Robert Sietsema recently walked around and recorded the letter grades of the 150 restaurants he passed. Seventy-six percent got As; 8 percent (two restaurants) got Bs, and one had a C (there were also three Grade Pending notices). Apparently he didnt pass by Obama Fried Chicken in Harlem, because according to the Health Departments website, it was closed last week with a whopping 115 violation points (thats almost 100 points past the C mark!). They were doled out owing to live roaches and flies, evidence of rats, inadequate personal hygiene, temperature violations, and so on. Apparently naming yourself after the president doesnt earn you a break from the Health Department.
OBAMA FRIED CHICKEN
110 ST NICHOLAS AVENUE MANHATTAN 10026
1) Hot food item not held at or above 140º F.
2) Cold food item held above 41º F (smoked fish and reduced oxygen packaged foods above 38 ºF) except during necessary preparation.
3) Food Protection Certificate not held by supervisor of food operations.
4) Appropriately scaled metal stem-type thermometer or thermocouple not provided or used to evaluate temperatures of potentially hazardous foods during cooking, cooling, reheating and holding.
5) Evidence of rats or live rats present in facility's food and/or non-food areas.
6) Live roaches present in facility's food and/or non-food areas.
7) Filth flies or food/refuse/sewage-associated (FRSA) flies present in facilitys food and/or non-food areas. Filth flies include house flies, little house flies, blow flies, bottle flies and flesh flies. Food/refuse/sewage-associated flies include fruit flies, drain flies and Phorid flies.
8) Hand washing facility not provided in or near food preparation area and toilet room. Hot and cold running water at adequate pressure to enable cleanliness of employees not provided at facility. Soap and an acceptable hand-drying device not provided.
9) Personal cleanliness inadequate. Outer garment soiled with possible contaminant. Effective hair restraint not worn in an area where food is prepared.
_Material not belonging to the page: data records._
Lemma prod_alpha_ratio_p m :
  \prod_(i < p) alpha_ratio (p * m + i) = alpha_ratio m * block_ratio m.
Proof.
have num : \prod_(i < p) ((p * m + i)%:R + 1 / 2) =
           block_pairs (fun i => i%:R + 1 / 2) m * (P * (m%:R + 1 / 2)).
  rewrite (big_ord_p_mid _ (fun i => (p * m + i)%:R + 1 / 2)) /=; congr (_ * _).
    apply: eq_bigr => i _; have i_le : (i <= h.*2)%N by have := ltn_ord i; lia.
    by rewrite !natrD !natrM natrB // -muln2 natrM -natr1 natr_p_double_half; field.
  by rewrite natrD natrM natr_p_double_half; field.
have den : \prod_(i < p) (p * m + i).+1%:R = (block_den m)%:R * (P * m.+1%:R).
  rewrite (big_ord_p_last _ (fun i => (p * m + i).+1%:R)) /= block_den_pairs; congr (_ * _).
    apply: eq_bigr => i _; have i_lt : (i < h.*2)%N by have := ltn_ord i; lia.
    by rewrite -!natr1 !natrD !natrM natrB // -muln2 natrM natr_p_double_half; field.
  by rewrite -!natr1 natrD natrM -muln2 natrM natr_p_double_half; field.
rewrite /alpha_ratio /block_ratio prodf_div num den; field.
by rewrite natr_p_neq0 ndvd_natr_neq0 ?block_den_ndvd // addrC natr1 pnatr_eq0.
Qed.

Lemma block_ratio0 : block_ratio 0 = 2 * alpha p.
Proof.
have := prod_alpha_ratio_p 0; have := alphaD 0 p.
rewrite muln0 alpha0 mul1r !add0n => <- ->.
by rewrite /alpha_ratio; field.
Qed.

Lemma alpha_mulp m : alpha (p * m) = alpha m * \prod_(k < m) block_ratio k.
Proof.
elim: m => [|m IHm]; first by rewrite muln0 alpha0 big_ord0 mulr1.
rewrite mulnS addnC alphaD IHm prod_alpha_ratio_p alphaS big_ord_recr /=.
by rewrite mulrACA.
Qed.
Lemma level_bound (L : list (nat * nat)) n v : In (n, v) L -> n <= list_max (map fst L).
Proof.
  intros H. pose proof (proj1 (list_max_le (map fst L) _) (le_n _)) as F.
  rewrite Forall_forall in F. apply F, in_map_iff. now exists (n, v).
Qed.

(* Density by gluing: if gluing a fixed linear tail at any level M >= N onto
   any ordering yields a P-ordering, then P is dense, since a basic open set
   only constrains finitely many levels. *)
Lemma dense_by_gluing B (P : order_data -> Prop) tail N : linear_tail B tail ->
  (forall om M, N <= M -> is_ordering B (glue om M tail) -> P (glue om M tail)) ->
  dense_in_orderings B P.
Proof.
  intros Ht HP om Hom L.
  set (M := N + S (list_max (map fst L))).
  pose proof (glue_ordering B om M tail Hom Ht) as Hord.
  exists (glue om M tail). split; [exact Hord|split; [apply HP; [lia|exact Hord]|]].
  intros n v Hin Hv a b Ha Hb. pose proof (level_bound L n v Hin).
  rewrite glue_below by lia. reflexivity.
Qed.

Definition lex_by (f : nat -> nat) (a b : nat * nat) : Prop :=
  f (fst a) < f (fst b) \/ (f (fst a) = f (fst b) /\ snd a < snd b).

Lemma lex_by_linear B n v f :
  (forall w1 w2, w1 < nv B n -> w2 < nv B n -> f w1 = f w2 -> w1 = w2) ->
  strict_linear (in_r B n v) (lex_by f).
Proof.
  intros Hf. unfold lex_by. split; [|split].
  - intros a _ [H|[_ H]]; lia.
  - intros a b c _ _ _ [H1|[H1 H2]] [H3|[H3 H4]]; lia.
  - intros [a1 a2] [b1 b2] [Ha _] [Hb _]. simpl in *.
    destruct (lt_eq_lt_dec (f a1) (f b1)) as [[L|E]|L]; [tauto| |tauto].
    pose proof (Hf a1 b1 Ha Hb E) as ->.
    destruct (lt_eq_lt_dec a2 b2) as [[L|E']|L]; [tauto|subst; tauto|tauto].
Qed.

Definition zero_last (B : Bratteli) (n w : nat) : nat := if w =? 0 then nv B n else w.

Lemma zero_last_inj B n w1 w2 :
  w1 < nv B n -> w2 < nv B n -> zero_last B n w1 = zero_last B n w2 -> w1 = w2.
Proof. intros H1 H2. unfold zero_last. destruct (Nat.eqb_spec w1 0), (Nat.eqb_spec w2 0); lia. Qed.

Lemma zero_last_min B j v e : 2 <= nv B j -> 0 < inc B j v 1 -> in_r B j v e ->
  (forall e', in_r B j v e' -> ~ lex_by (zero_last B j) e' e) -> fst e = 1.
Proof.
  intros H2 Hi [Hw Hl] Hm. destruct e as [w l]. simpl in *.
  destruct (Nat.eq_dec w 1) as [->|Hne]; [reflexivity|exfalso].
  apply (Hm (1, 0)); [split; simpl; lia|].
  unfold lex_by, zero_last; simpl. destruct (Nat.eqb_spec w 0); left; lia.
Qed.

Lemma zero_last_max B j v e : 2 <= nv B j -> 0 < inc B j v 0 -> in_r B j v e ->
  (forall e', in_r B j v e' -> ~ lex_by (zero_last B j) e e') -> fst e = 0.
Proof.
  intros H2 Hi [Hw Hl] Hm. destruct e as [w l]. simpl in *.
  destruct (Nat.eq_dec w 0) as [->|Hne]; [reflexivity|exfalso].
  apply (Hm (0, 0)); [split; simpl; lia|].
  unfold lex_by, zero_last; simpl. destruct (Nat.eqb_spec w 0); [lia|left; lia].
Qed.

Lemma index_min B j v e : 0 < inc B j v 0 -> in_r B j v e ->
  (forall e', in_r B j v e' -> ~ lex_by (fun w => w) e' e) -> fst e = 0.
Proof.
  intros Hi [Hw Hl] Hm. destruct e as [w l]. simpl in *.
  destruct (Nat.eq_dec w 0) as [->|Hne]; [reflexivity|exfalso].
  apply (Hm (0, 0)); [split; simpl; lia|]. left; simpl; lia.
Qed.

Definition perfect_tail (B : Bratteli) : order_data := fun n _ => lex_by (zero_last B n).

Lemma perfect_tail_linear B : linear_tail B (perfect_tail B).
Proof. intros n v _. apply lex_by_linear, zero_last_inj. Qed.

Lemma glued_perfect_tail_perfect B om M : positive_incidence B ->
  (forall n, M <= n -> 2 <= nv B n) -> is_ordering B (glue om M (perfect_tail B)) ->
  perfect B (glue om M (perfect_tail B)).
Proof.
  intros Hpos Hnv Hord.
  apply (perfect_of_extreme_sources B _ M (fun _ => 1) M (fun _ => 0) Hord).
  - split; [intros j Hj; specialize (Hnv j Hj); lia|].
    intros j v e Hj Hv He Hm. apply is_min_glue_above in Hm; [|exact Hj].
    apply (zero_last_min B j v e (Hnv j Hj) (Hpos j v 1 Hv ltac:(specialize (Hnv j Hj); lia)) He Hm).
  - split; [intros j Hj; specialize (Hnv j Hj); lia|].
    intros j v e Hj Hv He Hm. apply is_max_glue_above in Hm; [|exact Hj].
    apply (zero_last_max B j v e (Hnv j Hj) (Hpos j v 0 Hv ltac:(specialize (Hnv j Hj); lia)) He Hm).
Qed.

Definition twisted_tail (B : Bratteli) : order_data :=
  fun n v => if v =? 1 then lex_by (fun w => w) else lex_by (zero_last B n).

Lemma twisted_tail_linear B : linear_tail B (twisted_tail B).
Proof.
  intros n v _. unfold twisted_tail. destruct (v =? 1);
    apply lex_by_linear; [intros; assumption|apply zero_last_inj].
Qed.

Section TwistedTail.
Variables (B : Bratteli) (om : order_data) (M : nat).
Hypothesis positive : positive_incidence B.
Hypothesis two_vertices : forall n, M <= n -> 2 <= nv B n.
Local Notation tw := (glue om M (twisted_tail B)).
Hypothesis tw_ord : is_ordering B tw.

Lemma edges_01 j v w : M <= j -> v < 2 -> w < 2 -> in_r B j v (w, 0).
Proof.
  intros Hj Hv Hw. pose proof (two_vertices j Hj). pose proof (two_vertices (S j) ltac:(lia)).
  split; simpl; [lia|]. apply positive; lia.
Qed.

Lemma tw_max_into_0 j e : M <= j -> in_r B j 0 e -> is_max B tw j 0 e -> fst e = 0.
Proof.
  intros Hj He Hm. apply is_max_glue_above in Hm; [|exact Hj].
  exact (zero_last_max B j 0 e (two_vertices j Hj) (proj2 (edges_01 j 0 0 Hj ltac:(lia) ltac:(lia))) He Hm).
Qed.

Lemma tw_min_into_0 j e : M <= j -> in_r B j 0 e -> is_min B tw j 0 e -> fst e = 1.
Proof.
  intros Hj He Hm. apply is_min_glue_above in Hm; [|exact Hj].
  exact (zero_last_min B j 0 e (two_vertices j Hj) (proj2 (edges_01 j 0 1 Hj ltac:(lia) ltac:(lia))) He Hm).
Qed.

Lemma tw_min_into_1 j e : M <= j -> in_r B j 1 e -> is_min B tw j 1 e -> fst e = 0.
Proof.
  intros Hj He Hm. apply is_min_glue_above in Hm; [|exact Hj].
  exact (index_min B j 1 e (proj2 (edges_01 j 1 0 Hj ltac:(lia) ltac:(lia))) He Hm).
Qed.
10) Food not protected from potential source of contamination during storage, preparation, transportation, display or service.
11) Food contact surface not properly washed, rinsed and sanitized after each use and following any activity when contamination may have occurred.
12) Sanitized equipment or utensil, including in-use food dispensing utensil, improperly used or stored.
13) Facility not vermin proof. Harborage or conditions conducive to attracting vermin to the premises and/or allowing vermin to exist.
14) Covered garbage receptacle not provided or inadequate, except that garbage receptacle may be uncovered during active use. Garbage storage area not properly constructed or maintained; grinder or compactor dirty.
15) Pesticide use not in accordance with label or applicable laws. Prohibited chemical used/stored. Open bait station used.
16) Canned food product observed dented and not segregated from other consumable food items.
17) Non-food contact surface improperly constructed. Unacceptable material used. Non-food contact surface or equipment improperly maintained and/or not properly sealed, raised, spaced or movable to allow accessibility for cleaning on all sides, above and underneath the unit.
18) Food service operation occurring in room used as living or sleeping quarters.
19) Proper sanitization not provided for utensil ware washing operation.